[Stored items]
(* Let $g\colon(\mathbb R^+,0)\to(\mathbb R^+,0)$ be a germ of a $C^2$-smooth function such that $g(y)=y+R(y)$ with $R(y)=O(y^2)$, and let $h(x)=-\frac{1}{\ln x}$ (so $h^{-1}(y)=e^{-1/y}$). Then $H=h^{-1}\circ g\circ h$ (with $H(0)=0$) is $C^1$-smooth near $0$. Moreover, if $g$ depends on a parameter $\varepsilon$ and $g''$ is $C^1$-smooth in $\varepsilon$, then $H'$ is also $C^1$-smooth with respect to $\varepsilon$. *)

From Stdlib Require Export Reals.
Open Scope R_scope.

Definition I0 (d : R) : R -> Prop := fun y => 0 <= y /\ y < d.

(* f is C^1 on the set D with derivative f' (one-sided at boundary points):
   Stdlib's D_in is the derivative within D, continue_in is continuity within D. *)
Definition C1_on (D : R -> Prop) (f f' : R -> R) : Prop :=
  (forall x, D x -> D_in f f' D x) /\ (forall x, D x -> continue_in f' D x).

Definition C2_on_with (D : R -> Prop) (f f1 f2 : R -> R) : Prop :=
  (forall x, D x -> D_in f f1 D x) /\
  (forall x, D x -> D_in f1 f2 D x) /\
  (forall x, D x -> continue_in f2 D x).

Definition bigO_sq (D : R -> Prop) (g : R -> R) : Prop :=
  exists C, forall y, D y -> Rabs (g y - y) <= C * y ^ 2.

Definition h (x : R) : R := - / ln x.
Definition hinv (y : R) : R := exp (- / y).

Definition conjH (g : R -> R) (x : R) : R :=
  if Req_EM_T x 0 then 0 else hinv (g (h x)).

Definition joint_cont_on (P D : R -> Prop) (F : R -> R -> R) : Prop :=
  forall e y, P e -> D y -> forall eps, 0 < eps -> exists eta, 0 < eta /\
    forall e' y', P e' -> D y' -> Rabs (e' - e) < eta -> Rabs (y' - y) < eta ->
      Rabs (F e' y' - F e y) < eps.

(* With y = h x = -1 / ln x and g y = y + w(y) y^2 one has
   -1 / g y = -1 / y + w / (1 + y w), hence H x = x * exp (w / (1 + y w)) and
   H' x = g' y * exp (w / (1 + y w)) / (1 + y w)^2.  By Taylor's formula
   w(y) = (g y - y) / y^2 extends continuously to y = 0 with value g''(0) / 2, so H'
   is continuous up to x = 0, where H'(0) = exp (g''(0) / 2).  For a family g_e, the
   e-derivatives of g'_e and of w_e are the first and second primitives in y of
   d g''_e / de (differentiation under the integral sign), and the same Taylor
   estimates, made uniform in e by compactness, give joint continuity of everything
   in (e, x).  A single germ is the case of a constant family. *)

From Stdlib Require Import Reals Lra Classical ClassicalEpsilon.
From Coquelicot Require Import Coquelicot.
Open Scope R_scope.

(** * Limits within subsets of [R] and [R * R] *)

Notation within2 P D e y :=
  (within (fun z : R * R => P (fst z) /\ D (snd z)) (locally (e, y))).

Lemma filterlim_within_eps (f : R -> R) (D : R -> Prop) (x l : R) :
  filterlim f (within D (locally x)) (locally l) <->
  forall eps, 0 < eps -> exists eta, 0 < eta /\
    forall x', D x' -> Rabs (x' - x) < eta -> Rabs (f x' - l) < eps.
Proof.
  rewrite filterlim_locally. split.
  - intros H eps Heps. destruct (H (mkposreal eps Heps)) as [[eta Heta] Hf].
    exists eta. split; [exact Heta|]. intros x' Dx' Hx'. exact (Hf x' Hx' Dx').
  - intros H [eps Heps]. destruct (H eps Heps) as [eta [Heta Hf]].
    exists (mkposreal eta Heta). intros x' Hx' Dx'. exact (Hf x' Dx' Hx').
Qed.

==

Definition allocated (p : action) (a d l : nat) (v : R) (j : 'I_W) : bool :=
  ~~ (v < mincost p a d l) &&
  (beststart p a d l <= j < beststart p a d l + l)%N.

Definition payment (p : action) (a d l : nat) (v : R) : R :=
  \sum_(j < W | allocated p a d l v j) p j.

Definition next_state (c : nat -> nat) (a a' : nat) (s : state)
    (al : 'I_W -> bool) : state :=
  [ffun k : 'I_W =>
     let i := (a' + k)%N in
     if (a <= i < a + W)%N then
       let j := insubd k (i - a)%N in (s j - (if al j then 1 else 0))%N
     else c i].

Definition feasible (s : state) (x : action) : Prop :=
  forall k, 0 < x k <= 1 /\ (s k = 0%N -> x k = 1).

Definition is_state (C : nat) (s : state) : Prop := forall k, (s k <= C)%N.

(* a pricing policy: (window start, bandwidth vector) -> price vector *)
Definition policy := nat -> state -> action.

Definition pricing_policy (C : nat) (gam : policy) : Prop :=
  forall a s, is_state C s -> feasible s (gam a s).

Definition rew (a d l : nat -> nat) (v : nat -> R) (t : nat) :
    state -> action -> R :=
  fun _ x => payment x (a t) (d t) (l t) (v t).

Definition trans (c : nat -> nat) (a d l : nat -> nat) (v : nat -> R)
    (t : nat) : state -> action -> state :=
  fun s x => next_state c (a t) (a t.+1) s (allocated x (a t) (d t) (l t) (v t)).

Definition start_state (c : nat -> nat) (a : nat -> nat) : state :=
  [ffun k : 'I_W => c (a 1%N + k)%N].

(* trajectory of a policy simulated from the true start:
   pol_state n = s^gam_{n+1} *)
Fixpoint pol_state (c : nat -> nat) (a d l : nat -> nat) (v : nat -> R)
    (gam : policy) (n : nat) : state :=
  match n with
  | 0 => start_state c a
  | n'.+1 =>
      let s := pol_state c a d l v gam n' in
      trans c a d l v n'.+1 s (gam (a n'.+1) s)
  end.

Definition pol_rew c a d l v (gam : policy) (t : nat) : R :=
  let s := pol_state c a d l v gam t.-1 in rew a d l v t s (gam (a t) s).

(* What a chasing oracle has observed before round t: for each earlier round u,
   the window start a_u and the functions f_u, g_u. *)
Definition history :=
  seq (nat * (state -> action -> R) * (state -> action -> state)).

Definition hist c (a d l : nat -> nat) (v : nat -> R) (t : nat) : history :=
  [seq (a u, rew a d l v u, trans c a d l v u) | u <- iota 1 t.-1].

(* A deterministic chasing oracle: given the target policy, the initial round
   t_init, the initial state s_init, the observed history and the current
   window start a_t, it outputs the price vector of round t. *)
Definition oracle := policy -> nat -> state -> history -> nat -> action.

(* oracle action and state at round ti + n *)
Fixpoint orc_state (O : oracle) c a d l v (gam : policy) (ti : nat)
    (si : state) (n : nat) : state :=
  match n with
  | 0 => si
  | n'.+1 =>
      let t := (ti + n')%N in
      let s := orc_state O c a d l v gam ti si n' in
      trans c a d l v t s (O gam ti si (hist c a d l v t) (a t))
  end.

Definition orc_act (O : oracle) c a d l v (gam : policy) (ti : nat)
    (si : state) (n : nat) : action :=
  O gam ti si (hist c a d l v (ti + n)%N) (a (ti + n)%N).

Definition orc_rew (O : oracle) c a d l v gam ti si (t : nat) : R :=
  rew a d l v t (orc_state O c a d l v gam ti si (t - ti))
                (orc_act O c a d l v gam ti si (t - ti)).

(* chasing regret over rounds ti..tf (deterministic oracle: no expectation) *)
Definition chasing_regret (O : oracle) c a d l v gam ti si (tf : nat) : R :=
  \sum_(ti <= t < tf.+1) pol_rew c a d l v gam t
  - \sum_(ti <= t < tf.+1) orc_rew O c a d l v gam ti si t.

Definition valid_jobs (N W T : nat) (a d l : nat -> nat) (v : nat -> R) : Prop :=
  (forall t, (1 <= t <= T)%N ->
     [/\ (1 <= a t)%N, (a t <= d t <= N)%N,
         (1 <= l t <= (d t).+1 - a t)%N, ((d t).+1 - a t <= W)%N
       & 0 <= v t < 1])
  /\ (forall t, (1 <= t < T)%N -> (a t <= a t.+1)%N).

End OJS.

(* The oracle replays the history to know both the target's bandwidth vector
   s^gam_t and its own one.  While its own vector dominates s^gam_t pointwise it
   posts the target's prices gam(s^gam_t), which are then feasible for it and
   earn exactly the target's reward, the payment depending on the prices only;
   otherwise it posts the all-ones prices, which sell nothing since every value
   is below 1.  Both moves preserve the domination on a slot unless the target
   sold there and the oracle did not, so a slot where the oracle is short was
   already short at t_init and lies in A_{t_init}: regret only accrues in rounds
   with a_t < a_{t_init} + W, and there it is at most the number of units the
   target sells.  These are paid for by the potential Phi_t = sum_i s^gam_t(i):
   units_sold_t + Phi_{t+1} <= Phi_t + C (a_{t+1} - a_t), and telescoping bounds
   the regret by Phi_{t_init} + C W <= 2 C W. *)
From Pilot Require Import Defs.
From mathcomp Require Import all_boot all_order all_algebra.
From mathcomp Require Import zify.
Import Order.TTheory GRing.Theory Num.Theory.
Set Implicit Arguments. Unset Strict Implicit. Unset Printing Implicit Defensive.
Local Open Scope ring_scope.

* * *

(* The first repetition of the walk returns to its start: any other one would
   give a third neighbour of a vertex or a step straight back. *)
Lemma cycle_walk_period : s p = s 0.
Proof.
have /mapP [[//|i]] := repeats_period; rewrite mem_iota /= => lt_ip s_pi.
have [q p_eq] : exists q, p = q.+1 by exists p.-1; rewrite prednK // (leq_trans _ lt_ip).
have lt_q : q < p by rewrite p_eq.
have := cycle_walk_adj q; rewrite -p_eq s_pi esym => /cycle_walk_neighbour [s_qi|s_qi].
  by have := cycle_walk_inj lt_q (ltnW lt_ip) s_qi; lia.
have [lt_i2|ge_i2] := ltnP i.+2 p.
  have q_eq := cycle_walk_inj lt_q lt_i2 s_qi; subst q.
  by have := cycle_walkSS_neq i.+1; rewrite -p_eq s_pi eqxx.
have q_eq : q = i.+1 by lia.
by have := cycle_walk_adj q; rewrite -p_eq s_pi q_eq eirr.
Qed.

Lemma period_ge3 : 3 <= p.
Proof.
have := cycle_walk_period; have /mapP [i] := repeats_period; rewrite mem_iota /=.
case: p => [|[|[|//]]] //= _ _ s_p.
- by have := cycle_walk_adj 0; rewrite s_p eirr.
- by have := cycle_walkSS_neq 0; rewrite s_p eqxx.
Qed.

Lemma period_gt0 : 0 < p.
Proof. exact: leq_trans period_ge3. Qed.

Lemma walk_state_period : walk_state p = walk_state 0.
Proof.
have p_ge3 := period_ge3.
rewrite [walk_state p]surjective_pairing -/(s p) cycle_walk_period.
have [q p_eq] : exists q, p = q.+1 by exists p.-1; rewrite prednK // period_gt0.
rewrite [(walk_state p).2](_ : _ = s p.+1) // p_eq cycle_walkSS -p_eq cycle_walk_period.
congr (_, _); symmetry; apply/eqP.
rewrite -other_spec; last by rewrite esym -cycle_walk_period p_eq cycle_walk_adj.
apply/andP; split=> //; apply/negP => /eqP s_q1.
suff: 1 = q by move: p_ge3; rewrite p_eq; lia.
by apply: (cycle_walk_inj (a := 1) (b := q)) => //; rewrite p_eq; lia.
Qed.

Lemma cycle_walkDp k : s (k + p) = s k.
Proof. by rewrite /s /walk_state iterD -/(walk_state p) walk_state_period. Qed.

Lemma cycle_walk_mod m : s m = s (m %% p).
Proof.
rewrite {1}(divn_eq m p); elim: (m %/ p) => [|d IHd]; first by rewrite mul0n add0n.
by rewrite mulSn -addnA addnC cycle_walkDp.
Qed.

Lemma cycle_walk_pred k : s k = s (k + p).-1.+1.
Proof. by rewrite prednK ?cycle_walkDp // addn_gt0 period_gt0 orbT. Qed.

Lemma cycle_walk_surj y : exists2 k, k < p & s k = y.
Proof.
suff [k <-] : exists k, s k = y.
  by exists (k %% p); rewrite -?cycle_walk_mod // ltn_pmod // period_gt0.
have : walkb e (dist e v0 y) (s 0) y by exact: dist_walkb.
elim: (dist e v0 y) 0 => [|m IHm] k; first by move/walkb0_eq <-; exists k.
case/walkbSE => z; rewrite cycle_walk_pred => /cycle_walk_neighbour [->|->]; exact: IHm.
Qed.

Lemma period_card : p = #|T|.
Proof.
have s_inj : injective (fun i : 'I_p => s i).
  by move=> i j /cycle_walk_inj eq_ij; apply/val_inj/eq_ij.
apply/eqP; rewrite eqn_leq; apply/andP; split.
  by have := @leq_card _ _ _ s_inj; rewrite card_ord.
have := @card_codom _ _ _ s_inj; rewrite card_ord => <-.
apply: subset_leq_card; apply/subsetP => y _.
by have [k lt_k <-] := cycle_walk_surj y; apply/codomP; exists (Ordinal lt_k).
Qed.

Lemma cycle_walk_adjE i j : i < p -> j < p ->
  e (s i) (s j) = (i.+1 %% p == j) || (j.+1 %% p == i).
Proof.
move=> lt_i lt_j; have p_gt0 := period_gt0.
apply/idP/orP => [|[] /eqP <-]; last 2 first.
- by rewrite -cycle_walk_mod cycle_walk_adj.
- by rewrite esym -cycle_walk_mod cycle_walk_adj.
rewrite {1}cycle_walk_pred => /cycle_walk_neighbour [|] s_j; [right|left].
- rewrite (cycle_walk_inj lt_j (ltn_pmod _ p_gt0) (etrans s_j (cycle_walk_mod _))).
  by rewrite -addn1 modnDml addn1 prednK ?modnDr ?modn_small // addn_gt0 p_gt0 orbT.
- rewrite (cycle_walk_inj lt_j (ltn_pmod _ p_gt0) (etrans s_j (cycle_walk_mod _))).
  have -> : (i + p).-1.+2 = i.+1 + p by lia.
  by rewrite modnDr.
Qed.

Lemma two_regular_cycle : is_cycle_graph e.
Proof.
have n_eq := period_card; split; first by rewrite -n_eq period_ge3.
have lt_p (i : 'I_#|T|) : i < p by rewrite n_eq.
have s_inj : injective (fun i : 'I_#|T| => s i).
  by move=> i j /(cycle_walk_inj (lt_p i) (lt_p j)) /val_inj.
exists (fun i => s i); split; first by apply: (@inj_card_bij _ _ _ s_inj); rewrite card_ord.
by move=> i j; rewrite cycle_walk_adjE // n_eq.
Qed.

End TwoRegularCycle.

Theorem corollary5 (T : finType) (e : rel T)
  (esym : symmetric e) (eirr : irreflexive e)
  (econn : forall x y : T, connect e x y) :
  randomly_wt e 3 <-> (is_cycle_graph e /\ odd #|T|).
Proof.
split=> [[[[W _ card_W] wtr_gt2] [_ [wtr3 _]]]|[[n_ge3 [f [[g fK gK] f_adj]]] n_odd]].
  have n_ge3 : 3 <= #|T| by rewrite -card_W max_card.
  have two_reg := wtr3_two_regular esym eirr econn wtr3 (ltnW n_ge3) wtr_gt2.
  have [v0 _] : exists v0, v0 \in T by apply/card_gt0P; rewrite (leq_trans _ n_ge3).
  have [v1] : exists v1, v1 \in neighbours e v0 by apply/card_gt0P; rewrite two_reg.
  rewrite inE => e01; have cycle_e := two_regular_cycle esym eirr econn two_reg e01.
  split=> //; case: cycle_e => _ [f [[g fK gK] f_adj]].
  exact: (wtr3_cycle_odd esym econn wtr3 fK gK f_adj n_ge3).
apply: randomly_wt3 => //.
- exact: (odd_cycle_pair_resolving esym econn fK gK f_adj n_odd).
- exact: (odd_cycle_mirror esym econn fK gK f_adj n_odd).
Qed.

» **What is expected**
Pick each line holding the word "Fixpoint" out of the data and copy it.

» **Result of this task**
Fixpoint pol_state (c : nat -> nat) (a d l : nat -> nat) (v : nat -> R)
Fixpoint orc_state (O : oracle) c a d l v (gam : policy) (ti : nat)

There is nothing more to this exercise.